◆ Data to process ◆

○ ○ ○ ○ ○ ○ ○

(* Let $\mathcal{P}(3^3)$ be the graph whose vertices are the partitions of $\{1,\ldots,9\}$ into three cells each of size three, two such partitions being adjacent if and only if each cell of one partition contains exactly one point from each cell of the other. Let $S$ be an independent set of size $70$ in $\mathcal{P}(3^3)$. If $\pi\in S$, then there are $36$ partitions $\sigma\in S$ such that the meet $\pi\wedge\sigma$ has $7$ cells, a further $18$ such that $\pi\wedge\sigma$ has $6$ cells, and $15$ such that $\pi\wedge\sigma$ has $5$ cells.
   Context: The meet $\pi\wedge\sigma$ of two partitions is the partition whose cells are the nonempty intersections of a cell of $\pi$ with a cell of $\sigma$. *)

(* Ground set {1,...,9} is represented by 'I_9 = {0,...,8}. *)
From mathcomp Require Import all_boot.
Set Implicit Arguments. Unset Strict Implicit. Unset Printing Implicit Defensive.

Definition is_part333 (P : {set {set 'I_9}}) : bool :=
  [&& partition P [set: 'I_9], #|P| == 3 & [forall A in P, #|A| == 3]].

Definition p333_adj (P Q : {set {set 'I_9}}) : bool :=
  [forall A in P, forall B in Q, #|A :&: B| == 1].

Definition meet_part (P Q : {set {set 'I_9}}) : {set {set 'I_9}} :=
  [set A :&: B | A in P, B in Q] :\ set0.

Definition p333_independent (S : {set {set {set 'I_9}}}) : Prop :=
  (forall P, P \in S -> is_part333 P) /\
  (forall P Q, P \in S -> Q \in S -> ~~ p333_adj P Q).

From mathcomp Require Import all_boot zify.
Set Implicit Arguments. Unset Strict Implicit. Unset Printing Implicit Defensive.

(* Every partition
   lies in exactly 12 of the 840 four-cliques of P(3^3) (the parallel-class
   systems of the affine planes on the nine points), so an independent set S
   of size 70 = 840 / 12 meets every such "plane" exactly once.  For pi in S,
   classify the planes by the multiset of the meet sizes |pi /\ sigma| of their
   members: the number of planes of a given class through sigma depends only
   on |pi /\ sigma|.  Counting the planes of each class through their point in
   S gives four linear equations in the numbers of sigma in S with
   |pi /\ sigma| = 3, 5, 6, 7, 9, whose only solution with pi in S is
   1, 15, 18, 36, 0.  These incidences are computed for one standard pi; a
   permutation of the points reduces the general case to it. *)

Lemma count_pairwise_le1 (T : Type) (e : rel T) (s : pred T) (L : seq T) :
  (forall x y, s x -> s y -> ~~ e x y) -> pairwise e L -> count s L <= 1.
Proof.
move=> indep; elim: L => //= x L IHL /andP [e_x /IHL le1].
case sx: (s x) => //=; rewrite add1n ltnS leqn0 eqn0Ngt -has_count -all_predC.
by apply: sub_all e_x => y; apply: contraL => sy; apply: indep.
Qed.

○ ○ ○ ○ ○ ○ ○

◆ Exercise aim ◆
State how many lines of the entries contain the word "their". Nothing besides the number belongs in the reply.

◆ Output below ◆
2